[Saved entries]
*** Begin section ***

Lemma pinv_perturbed_normal_mul (z : 'cV[R]_n) : Y *m (M *m z) = X *m (A *m z).
Proof.
set u := X *m (A *m z).
have Mu : M *m u = M *m z.
  by rewrite /u -!mulmxA (mulmxA A) (mulmxA (A *m X)) mulmx_pinvK.
have Qu : Q *m u = u by rewrite /u !mulmxA pinv_mulmxK.
clearbody u.
set v := u - Y *m (M *m u).
have Qv : Q *m v = v by rewrite /v mulmxBr Qu pinv_perturbed_normal_fixed.
have Mv : M *m v = 0.
  by rewrite /v mulmxBr (mulmxA M) (mulmxA (M *m Y)) mulmx_pinvK subrr.
have := perturbed_normal_lb Qv; rewrite Mv vnorm0 pmulr_rle0 ?subr_gt0 //.
rewrite le_eqVlt ltNge vnorm_ge0 orbF vnorm_eq0 subr_eq0 => /eqP.
by rewrite -Mu => <-.
Qed.

Lemma perturbed_solution_error (bbar db : 'cV[R]_m) : in_range A bbar ->
  Y *m (A^T + E^T) *m (bbar + db) - X *m bbar
    = X *m (A *m X *m db) + Y *m (E^T *m (db - A *m X *m db)).
Proof.
move=> [y ->]; set r := db - A *m X *m db.
have YBA (z : 'cV[R]_n) : Y *m (A^T + E^T) *m (A *m z) = X *m (A *m z).
  by rewrite -mulmxA (mulmxA _ A) pinv_perturbed_normal_mul.
have Br : (A^T + E^T) *m r = E^T *m r.
  by rewrite mulmxDl /r mulmxBr (mulmxA A^T (A *m X)) trmx_mulmx_pinv subrr add0r.
have -> : A *m y + db = A *m (y + X *m db) + r.
  by rewrite /r mulmxDr mulmxA -addrA [_ + (db - _)]addrC subrK.
rewrite mulmxDr YBA -(mulmxA Y) Br mulmxDr mulmxDr (mulmxA A X).
by rewrite addrC -addrA addKr.
Qed.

*** End section ***

- EXERCISE BRIEF -
Please transcribe each of the entries, exactly as written.

- TASK SOLUTION -
Lemma pinv_perturbed_normal_mul (z : 'cV[R]_n) : Y *m (M *m z) = X *m (A *m z).
Proof.
set u := X *m (A *m z).
have Mu : M *m u = M *m z.
  by rewrite /u -!mulmxA (mulmxA A) (mulmxA (A *m X)) mulmx_pinvK.
have Qu : Q *m u = u by rewrite /u !mulmxA pinv_mulmxK.
clearbody u.
set v := u - Y *m (M *m u).
have Qv : Q *m v = v by rewrite /v mulmxBr Qu pinv_perturbed_normal_fixed.
have Mv : M *m v = 0.
  by rewrite /v mulmxBr (mulmxA M) (mulmxA (M *m Y)) mulmx_pinvK subrr.
have := perturbed_normal_lb Qv; rewrite Mv vnorm0 pmulr_rle0 ?subr_gt0 //.
rewrite le_eqVlt ltNge vnorm_ge0 orbF vnorm_eq0 subr_eq0 => /eqP.
by rewrite -Mu => <-.
Qed.

Lemma perturbed_solution_error (bbar db : 'cV[R]_m) : in_range A bbar ->
  Y *m (A^T + E^T) *m (bbar + db) - X *m bbar
    = X *m (A *m X *m db) + Y *m (E^T *m (db - A *m X *m db)).
Proof.
move=> [y ->]; set r := db - A *m X *m db.
have YBA (z : 'cV[R]_n) : Y *m (A^T + E^T) *m (A *m z) = X *m (A *m z).
  by rewrite -mulmxA (mulmxA _ A) pinv_perturbed_normal_mul.
have Br : (A^T + E^T) *m r = E^T *m r.
  by rewrite mulmxDl /r mulmxBr (mulmxA A^T (A *m X)) trmx_mulmx_pinv subrr add0r.
have -> : A *m y + db = A *m (y + X *m db) + r.
  by rewrite /r mulmxDr mulmxA -addrA [_ + (db - _)]addrC subrK.
rewrite mulmxDr YBA -(mulmxA Y) Br mulmxDr mulmxDr (mulmxA A X).
by rewrite addrC -addrA addKr.
Qed.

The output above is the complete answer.